Antes de as renderizações serem geradas em um computador, as empresas contratavam ilustradores especializados – Hugh Ferriss, de Nova York, era o mais famoso – para pintar à mão as dramáticas vistas em perspectiva usadas para vender um projeto não construído a um cliente ou a um júri de concurso. As representações a carvão de Ferriss dos arranha-céus recuados da década de 1920 moldaram a forma como uma época inteira imaginou a cidade moderna. O software de renderização digital eliminou o comércio quase completamente na década de 2000, e as ferramentas de imagem de IA assumiram desde então a maior parte do que restou.
O perspectivista já não existe como ofício vivo. Eis o que o apagou, e que profissão assumiu o trabalho.
Academias, ferro e profissão licenciada
Escolas de arquitetura e órgãos profissionais - o Royal Institute of British Architects (1834) e o American Institute of Architects (1857) entre eles - transformaram um comércio livre em uma profissão organizada com exames, ética e periódicos, enquanto novos materiais como ferro fundido e placas de vidro, vistos no Crystal Palace de Joseph Paxton em 1851, expandiram o que poderia ser construído. Em 1897, Illinois aprovou a primeira lei dos EUA tornando 'arquiteto' um título legalmente licenciado.
O que mais se passava então
Illinois aprova a primeira lei de licenciamento de arquitetura nos Estados Unidos, tornando 'arquiteto' um título legalmente protegido pela primeira vez e estabelecendo o modelo que outros estados adotarão nas próximas duas décadas.
Walter Gropius funda a Bauhaus, fundindo arquitetura, artesanato e design industrial em um currículo; fechado pela pressão nazista em 1933, seu corpo docente se espalha e leva o modernismo para o resto do mundo.

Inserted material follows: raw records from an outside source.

(* Let $n\ge 2$, $k\ge 1$, and let $\pi$ be an even permutation of the vertex set $\{0,\dots,k+1\}$ of $K_{k+2}$. Then $c_{n,k}\simeq \pi\circ c_{n,k}$ as graph homomorphisms $\overline{SG}_{n,k}\to K_{k+2}$.
   Context: Let $m=2n+k$. A subset $S\subseteq\{0,\dots,m-1\}$ is semi-stable if $\{i,i+1\}\not\subseteq S$ for all $0\le i\le m-2$. The semi-stable Kneser graph $\overline{SG}_{n,k}$ has as vertices the semi-stable $n$-element subsets of $\{0,\dots,m-1\}$, two being adjacent iff they are disjoint. $K_{k+2}$ is the loopless complete graph on $\{0,\dots,k+1\}$, and $c_{n,k}\colon\overline{SG}_{n,k}\to K_{k+2}$ is the canonical colouring $S\mapsto\min S$. For graphs $G,H$ and maps $f,g\colon V(G)\to V(H)$, write $f\sim g$ if $(f(u),g(v))\in E(H)$ for all $(u,v)\in E(G)$. For graph homomorphisms $f,g\colon G\to H$, $f\simeq g$ means there are graph homomorphisms $f=f_0,f_1,\dots,f_N=g$ ($N\ge0$) with $f_{i}\sim f_{i+1}$ for all $i$. *)

From mathcomp Require Import all_boot all_order all_fingroup.
Set Implicit Arguments. Unset Strict Implicit. Unset Printing Implicit Defensive.

Definition semi_stable (m : nat) (S : {set 'I_m}) : bool :=
  [forall i : 'I_m, forall j : 'I_m, (val j == (val i).+1) ==> ~~ ((i \in S) && (j \in S))].

Definition ssk_vertex_pred (n k : nat) (S : {set 'I_(2 * n + k)}) : bool :=
  @semi_stable (2 * n + k) S && (#|S| == n).

Definition SSK (n k : nat) := {S : {set 'I_(2 * n + k)} | @ssk_vertex_pred n k S}.

Definition ssk_adj (n k : nat) (S T : SSK n k) : bool :=
  [disjoint val S & val T].

Definition K_adj (k : nat) (a b : 'I_(k.+2)) : bool := a != b.

Definition canon_col (n k : nat) (S : SSK n k) : 'I_(k.+2) :=
  inord (\big[minn/(2 * n + k)]_(i in val S) val i).

Definition rel_maps (V W : Type) (eG : V -> V -> bool) (eH : W -> W -> bool)
  (f g : V -> W) : Prop := forall u v, eG u v -> eH (f u) (g v).

Definition is_hom (V W : Type) (eG : V -> V -> bool) (eH : W -> W -> bool)
  (f : V -> W) : Prop := rel_maps eG eH f f.

Definition hom_homotopic (V W : Type) (eG : V -> V -> bool) (eH : W -> W -> bool)
  (f g : V -> W) : Prop :=
  exists (N : nat) (F : nat -> V -> W),
    F 0 = f /\ F N = g /\
    (forall i, i <= N -> is_hom eG eH (F i)) /\
    (forall i, i < N -> rel_maps eG eH (F i) (F i.+1)).

From mathcomp Require Import all_boot all_order all_fingroup zify.
From Stdlib Require Import FunctionalExtensionality.
Set Implicit Arguments. Unset Strict Implicit. Unset Printing Implicit Defensive.

(* Homotopy of colourings is an equivalence relation stable under composition with
   automorphisms of K_{k+2}, so the permutations pi with c ~= pi o c form a monoid and it
   suffices to treat the 3-cycles (lo lo+1 lo+2), lo < k, which generate the alternating
   group. Every elementary homotopy step recolours some vertices with colours unused on
   their neighbourhoods. Lowering a threshold h from 2n+k to lo+2n and recolouring each S
   with max S > h by max S + 2 - 2n leads to a colouring that uses lo, lo+1, lo+2 exactly
   on the sets S inside [lo, lo+2n], coloured by min S. Five recolourings of these sets then
   rotate the three colours. They stay proper because, for n >= 2, a set of minimum lo+1
   disjoint from one of minimum lo+2 meets every pivot (a set of minimum lo disjoint from
   one of minimum lo+2): by counting, both contain lo+3. *)

Section Homotopy.
Variables (V W : Type) (eG : V -> V -> bool) (eH : W -> W -> bool).
Local Notation homotopic := (hom_homotopic eG eH).

Lemma homotopic_refl f : is_hom eG eH f -> homotopic f f.
Proof. by move=> hf; exists 0, (fun _ => f). Qed.

Lemma rel_maps_homotopic f g :
  is_hom eG eH f -> is_hom eG eH g -> rel_maps eG eH f g -> homotopic f g.
Proof.
move=> hf hg hfg; exists 1, (fun i => if i == 0 then f else g).
by split=> //; split=> //; split=> -[|[|i]].
Qed.

Lemma homotopic_trans f g h : homotopic f g -> homotopic g h -> homotopic f h.
Proof.
move=> [N1 [F1 [F10 [F1N [F1h F1r]]]]] [N2 [F2 [F20 [F2N [F2h F2r]]]]].
exists (N1 + N2), (fun i => if i < N1 then F1 i else F2 (i - N1)); split.
  by case: N1 F1N {F1h F1r} => [|N1] /= F1N; rewrite -F10 // F20 -F1N.
split; first by rewrite ltnNge leq_addr addKn.
split=> i Hi; cbv beta.
  by case: (ltnP i N1) => H; [apply: F1h | apply: F2h]; lia.
case: (ltnP i.+1 N1) => H.
  by rewrite (_ : i < N1); [apply: F1r |]; lia.
case: (ltnP i N1) => H'.
  have -> : i.+1 - N1 = 0 by lia.
  by rewrite F20 -F1N (_ : N1 = i.+1); [apply: F1r | ]; lia.
rewrite (_ : i.+1 - N1 = (i - N1).+1); last by lia.
by apply: F2r; lia.
Qed.

Lemma homotopic_sym f g :
  (forall u v, eG u v -> eG v u) -> (forall a b, eH a b -> eH b a) ->
  homotopic f g -> homotopic g f.
Proof.
move=> sG sH [N [F [F0 [FN [Fh Fr]]]]].
exists N, (fun i => F (N - i)); rewrite subn0 subnn; split=> //; split=> //; split.
  by move=> i Hi; apply: Fh; lia.
move=> i Hi u v /sG vu; have lt_N : N - i.+1 < N by lia.
by have := Fr _ lt_N v u vu; rewrite (_ : (N - i.+1).+1 = N - i); [apply: sH | lia].
Qed.

Lemma homotopic_eqfun f f' g g' :
  f =1 f' -> g =1 g' -> homotopic f g -> homotopic f' g'.
Proof. by move=> /functional_extensionality -> /functional_extensionality ->. Qed.

Lemma homotopic_postcomp (p : W -> W) f g :
  (forall a b, eH a b -> eH (p a) (p b)) ->
  homotopic f g -> homotopic (p \o f) (p \o g).
Proof.
move=> hp [N [F [F0 [FN [Fh Fr]]]]].
exists N, (fun i => p \o F i); rewrite F0 FN; split=> //; split=> //; split=> i Hi u v /=.
  by move/(Fh i Hi); apply: hp.
by move/(Fr i Hi); apply: hp.
Qed.

End Homotopy.

Definition recolour_ok (W : eqType) (fu fv gu gv : W) : bool :=
  ((fv != gv) ==> (fu != gv)) && ((fu == gu) || (fv == gv)).

Section Recolouring.
Variables (V : Type) (W : eqType) (eG : V -> V -> bool).
Hypothesis eG_sym : forall u v, eG u v -> eG v u.
Local Notation neq := (fun a b : W => a != b).
Variables f g : V -> W.
Hypothesis (fg_ok : forall u v, eG u v -> recolour_ok (f u) (f v) (g u) (g v)).

Lemma recolour_rel_maps : is_hom eG neq f -> rel_maps eG neq f g.
Proof.
move=> hf u v uv; have /andP [/implyP moved _] := fg_ok uv.
by case: (eqVneq (f v) (g v)) => [<-|/moved //]; apply: hf.
Qed.

Lemma recolour_is_hom : rel_maps eG neq f g -> is_hom eG neq g.
Proof.
move=> fg u v uv; have /andP [_ /orP [] /eqP <-] := fg_ok uv; first exact: fg.
by rewrite eq_sym; apply/fg/eG_sym.
Qed.

Lemma recolour_homotopic : is_hom eG neq f ->
  is_hom eG neq g /\ hom_homotopic eG neq f g.
Proof.
move=> hf; have fg := recolour_rel_maps hf; have hg := recolour_is_hom fg.
by split=> //; apply: rel_maps_homotopic.
Qed.

End Recolouring.

Lemma K_adj_sym k (a b : 'I_k.+2) : K_adj a b -> K_adj b a.
Proof. by rewrite /K_adj eq_sym. Qed.

Lemma K_adj_perm k (p : {perm 'I_k.+2}) a b : K_adj a b -> K_adj (p a) (p b).
Proof. by rewrite /K_adj (inj_eq perm_inj). Qed.

Definition adj_tperm k (i : nat) : {perm 'I_k.+2} := tperm (inord i) (inord i.+1).

Lemma inord_eq k x y : x <= k.+1 -> y <= k.+1 ->
  (inord x == inord y :> 'I_k.+2) = (x == y).
Proof. by move=> hx hy; rewrite -val_eqE /= !inordK. Qed.

Lemma tperm_inord k a b x : a <= k.+1 -> b <= k.+1 -> x <= k.+1 ->
  tperm (inord a) (inord b) (inord x : 'I_k.+2) =
  inord (if x == a then b else if x == b then a else x).
Proof.
move=> ha hb hx; case: (eqVneq x a) => [->|xa]; first by rewrite tpermL.
case: (eqVneq x b) => [->|xb]; first by rewrite tpermR.
by rewrite tpermD // inord_eq // eq_sym.
Qed.

Lemma adj_tperm2 k i : (adj_tperm k i * adj_tperm k i = 1)%g.
Proof. exact: tperm2. Qed.

Lemma odd_adj_tpermM k i p : i <= k ->
  odd_perm (adj_tperm k i * p)%g = ~~ odd_perm p.
Proof. by move=> hi; rewrite odd_mul_tperm inord_eq //; lia. Qed.

Lemma gen_adj_tperm k :
  <<[set adj_tperm k i | i : 'I_k.+1]>>%g = [set: {perm 'I_k.+2}].
Proof.
set A := [set _ | _ in _]; apply/eqP; rewrite eqEsubset subsetT /=.
rewrite -(gen_tperm (inord 0)) gen_subG; apply/subsetP => _ /imsetP [y _ ->].
have sA i : i <= k -> adj_tperm k i \in <<A>>%g.
  by move=> hi; apply/mem_gen/imsetP; exists (inord i); rewrite ?inordK.
rewrite -(inord_val y); move: (ltn_ord y); elim: (val y) => [|m IH] hm.
  by rewrite tperm1 group1.
case: m IH hm => [|m] IH hm; first exact: sA.
have -> : tperm (inord 0) (inord m.+2) =
    (tperm (inord 0) (inord m.+1) ^ adj_tperm k m.+1)%g :> {perm _}.
  by rewrite tpermJ /adj_tperm tpermL tpermD ?inord_eq //; lia.
by rewrite groupJ ?IH ?sA //; lia.
Qed.

Lemma mulg_through (T : finGroupType) (a b c : T) :
  (b * b = 1)%g -> (a * c = (a * b) * (b * c))%g.
Proof. by move=> bb; rewrite mulgA -(mulgA a) bb mulg1. Qed.

Section EvenPermInd.
Variables (k : nat) (P : {perm 'I_k.+2} -> Prop).
Hypotheses (P1 : P 1%g) (PM : forall p q, P p -> P q -> P (p * q)%g).
Hypothesis P_cycle3 : forall i, i < k -> P (adj_tperm k i * adj_tperm k i.+1)%g.
Local Notation s := (adj_tperm k).

Lemma even_perm_ind_inv p : P p -> P p^-1%g.
Proof.
move=> Pp; rewrite invg_expg; elim: _.-1 => [|j IH]; first by rewrite expg0.
by rewrite expgS; apply: PM.
Qed.

Lemma even_perm_ind_adj2 i j : i <= k -> j <= k -> P (s i * s j)%g.
Proof.
have up d i' : i' + d < k -> P (s i' * s (i' + d).+1)%g.
  elim: d => [|d IH] hd; first by rewrite addn0; apply: P_cycle3; lia.
  by rewrite (mulg_through _ _ (adj_tperm2 k (i' + d).+1)) addnS; apply: PM;
    [apply: IH | apply: P_cycle3]; lia.
move=> hi hj; case: (ltngtP i j) => hij.
- by rewrite (_ : j = (i + (j - i).-1).+1); [apply: up |]; lia.
- have -> : (s i * s j = (s j * s i)^-1)%g by rewrite invMg /adj_tperm !tpermV.
  apply: even_perm_ind_inv.
  by rewrite (_ : i = (j + (i - j).-1).+1); [apply: up |]; lia.
- by rewrite hij adj_tperm2.
Qed.

Lemma even_perm_ind_parity p : if odd_perm p then P (s 0 * p)%g else P p.
Proof.
have /gen_prodgP [N [c cA ->]] : p \in <<[set s i | i : 'I_k.+1]>>%g.
  by rewrite gen_adj_tperm inE.
elim: N c cA => [|N IH] c cA; first by rewrite big_ord0 odd_perm1.
rewrite big_ord_recl; case/imsetP: (cA ord0) => i _ ->.
have hi : i <= k by rewrite -ltnS.
set q := (\prod_(_ < N) _)%g; have := IH _ (fun j => cA (lift ord0 j)).
rewrite odd_adj_tpermM //; case: (odd_perm q) => /= Pq.
- by rewrite (mulg_through _ _ (adj_tperm2 k 0)); apply: PM; [apply: even_perm_ind_adj2 |].
- by rewrite mulgA; apply: PM; [apply: even_perm_ind_adj2 |].
Qed.

Lemma even_perm_ind p : ~~ odd_perm p -> P p.
Proof. by have := even_perm_ind_parity p; case: odd_perm. Qed.

End EvenPermInd.

Definition rot3 (lo x : nat) : nat :=
  if x == lo then lo + 2 else if x == lo + 1 then lo else if x == lo + 2 then lo + 1 else x.

Lemma cycle3_inord k lo x : lo < k -> x <= k.+1 ->
  (adj_tperm k lo * adj_tperm k lo.+1)%g (inord x) = inord (rot3 lo x).
Proof.
move=> lo_lt hx; rewrite permM /adj_tperm /rot3 !tperm_inord.
  by congr inord; do !case: eqP; lia.
all: by do ?case: ifP; lia.
Qed.

Lemma card_interval m a d : #|[set i : 'I_m | a <= i < a + d]| <= d.
Proof.
rewrite cardE -(size_map val) -{2}(size_iota a d); apply: uniq_leq_size.
  by rewrite map_inj_uniq ?enum_uniq //; apply: val_inj.
by move=> _ /mapP [i + ->]; rewrite mem_enum inE mem_iota.
Qed.

Lemma disjoint_cover_memr (T : finType) (A B W : {set T}) x :
  [disjoint A & B] -> #|W| <= #|A| + #|B| -> A :|: B \subset W ->
  x \in W -> x \notin A -> x \in B.
Proof.
move=> dAB cW sABW + xA; have <- : A :|: B = W.
  by apply/eqP; rewrite eqEcard sABW cardsU (disjoint_setI0 dAB) cards0 subn0.
by rewrite inE (negbTE xA).
Qed.

Section SemiStableKneser.
Variables n k : nat.
Implicit Types (S T : SSK n k) (f g : SSK n k -> nat).
Local Notation homotopic := (hom_homotopic (@ssk_adj n k) (@K_adj k)).

Definition vmin S : nat := \big[minn/(2 * n + k)]_(i in val S) val i.
Definition vmax S : nat := \max_(i in val S) val i.

Lemma card_ssk S : #|val S| = n.
Proof. by case/andP: (valP S) => _ /eqP. Qed.

Lemma ssk_nonconsecutive S (i j : 'I_(2 * n + k)) :
  i \in val S -> j \in val S -> j != i.+1 :> nat.
Proof.
case/andP: (valP S) => /forallP/(_ i)/forallP/(_ j)/implyP ss _ Si Sj.
by apply/negP => /ss; rewrite Si Sj.
Qed.

Lemma vmin_le S i : i \in val S -> vmin S <= i.
Proof. exact: (@Order.TotalTheory.bigmin_le_cond _ nat _ _ i). Qed.
Lemma ev_le_combine {b1 b2 c : N -> R} {M e1 e2 e : R} :
  ev_le b1 e1 -> ev_le b2 e2 -> 0 <= M ->
  (forall n, c n <= M * b1 n + b2 n) -> M * e1 + e2 <= e -> ev_le c e.
Proof.
case=> m1 h1 [m2 h2] M0 hc he; have [m [hm1 hm2]] := upper_bound m1 m2.
exists m => n hn; apply: le_trans (hc n) (le_trans _ he).
apply: lerD; last by apply: h2; exact: le_trans_dir hn.
by apply: ler_wpM2l => //; apply: h1; exact: le_trans_dir hn.
Qed.

Lemma ev_le_of_limsup {a : N -> R} {e : R} :
  (net_limsup le (fun n => (a n)%:E) < e%:E)%E -> ev_le a e.
Proof.
move=> /ereal_inf_lt [y [m _ <-]] hy; exists m => n hn.
have h : ((a n)%:E <= ereal_sup [set (a k)%:E | k in le m])%E.
  by apply: ereal_sup_ubound; exists n.
by rewrite -lee_fin; exact: le_trans h (ltW hy).
Qed.

Lemma limsup_le_of_ev {a : N -> R} {e : R} :
  ev_le a e -> (net_limsup le (fun n => (a n)%:E) <= e%:E)%E.
Proof.
case=> m0 h; apply: (@le_trans _ _ (ereal_sup [set (a n)%:E | n in le m0])).
  by apply: ereal_inf_lbound; exists m0.
by apply/ereal_supP => y [n hn <-]; rewrite lee_fin; exact: h.
Qed.

Lemma limsup_ge0 (a : N -> R) : (forall n, 0 <= a n) ->
  (0 <= net_limsup le (fun n => (a n)%:E))%E.
Proof.
move=> a0; apply/ereal_infP => y [m _ <-].
apply: (@le_trans _ _ (a m)%:E); first by rewrite lee_fin.
by apply: ereal_sup_ubound; exists m => //; case: hN.
Qed.

Lemma dlim0P (a : N -> N -> R) : (forall n m, 0 <= a n m) ->
  dlim0 le a <-> dlim0_ev a.
Proof.
move=> a0; split=> h e e0.
- have e20 : 0 < e / 2 by lra.
  have [m0 hm] := h _ e20; exists m0 => m hm0.
  apply: ev_le_of_limsup; apply: le_lt_trans (lee_abs _) _.
  by apply: le_lt_trans (hm _ hm0) _; rewrite lte_fin; lra.
- have [m0 hm] := h _ e0; exists m0 => m hm0.
  rewrite gee0_abs; first exact: limsup_le_of_ev (hm _ hm0).
  by apply: limsup_ge0 => n; exact: a0.
Qed.

Lemma linear_sub {U V : lmodType R} (f : U -> V) : linear f ->
  forall u v, f (u - v) = f u - f v.
Proof.
move=> hf u v; have := hf (-1) v u; rewrite !scaleN1r => H.
by rewrite addrC H addrC.
Qed.

Section Nets.
Context {E : N -> completeNormedModType R} {j : forall n m, E m -> E n}.

Lemma inCP (x : forall n, E n) : inC le j x <-> ubounded x /\
  forall e : R, 0 < e -> exists m (xm : E m), ev_le (fun n => `|x n - j n m xm|) e.
Proof.
split=> -[hb h]; split=> // e e0.
  by have [m [xm hm]] := h _ e0; exists m, xm; exact: ev_le_of_limsup.
have e20 : 0 < e / 2 by lra.
have [m [xm hm]] := h _ e20; exists m, xm.
by move: (limsup_le_of_ev hm) => /le_lt_trans; apply; rewrite lte_fin; lra.
Qed.

Lemma inC_of_approx (y : forall n, E n) : ubounded y ->
  (forall e : R, 0 < e ->
     exists2 z, inC le j z & ev_le (fun n => `|y n - z n|) e) ->
  inC le j y.
Proof.
move=> hb happ; apply/inCP; split=> // e e0; have e20 : 0 < e / 2 by lra.
have [z /inCP [_ hz] hyz] := happ _ e20; have [m [zm hzm]] := hz _ e20.
exists m, zm; apply: (ev_le_combine hyz hzm ler01) => [n|]; last lra.
by rewrite mul1r; exact: ler_distD.
Qed.

Hypothesis hj : soft_system le j.

Lemma basic_inC m (xm : E m) : inC le j (fun n => j n m xm).
Proof.
case: hj => _ hjc _ _ _; apply/inCP; split; first by exists `|xm|.
move=> e e0; exists m, xm; have [m0 _] := ev_le_const (ltW e0).
by exists m0 => n _; rewrite subrr normr0 ltW.
Qed.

A Autodesk lança o AutoCAD para computadores desktop e o desenho auxiliado por computador começa a substituir a prancheta nas duas décadas seguintes – o primeiro passo em direção à prática totalmente digital de hoje.
O Museu Guggenheim de Bilbao, de Frank Gehry, abre com uma pele de titânio modelada no software aeroespacial CATIA, provando que a geometria não padronizada derivada computacionalmente pode ser construída dentro do orçamento - o início do design paramétrico convencional.
Onde esse trabalho vive agora
Projeta edifícios que devem permanecer de pé, atender ao código, agradar o cliente e custar a quantia certa - e então assume a responsabilidade legal se não o fizerem.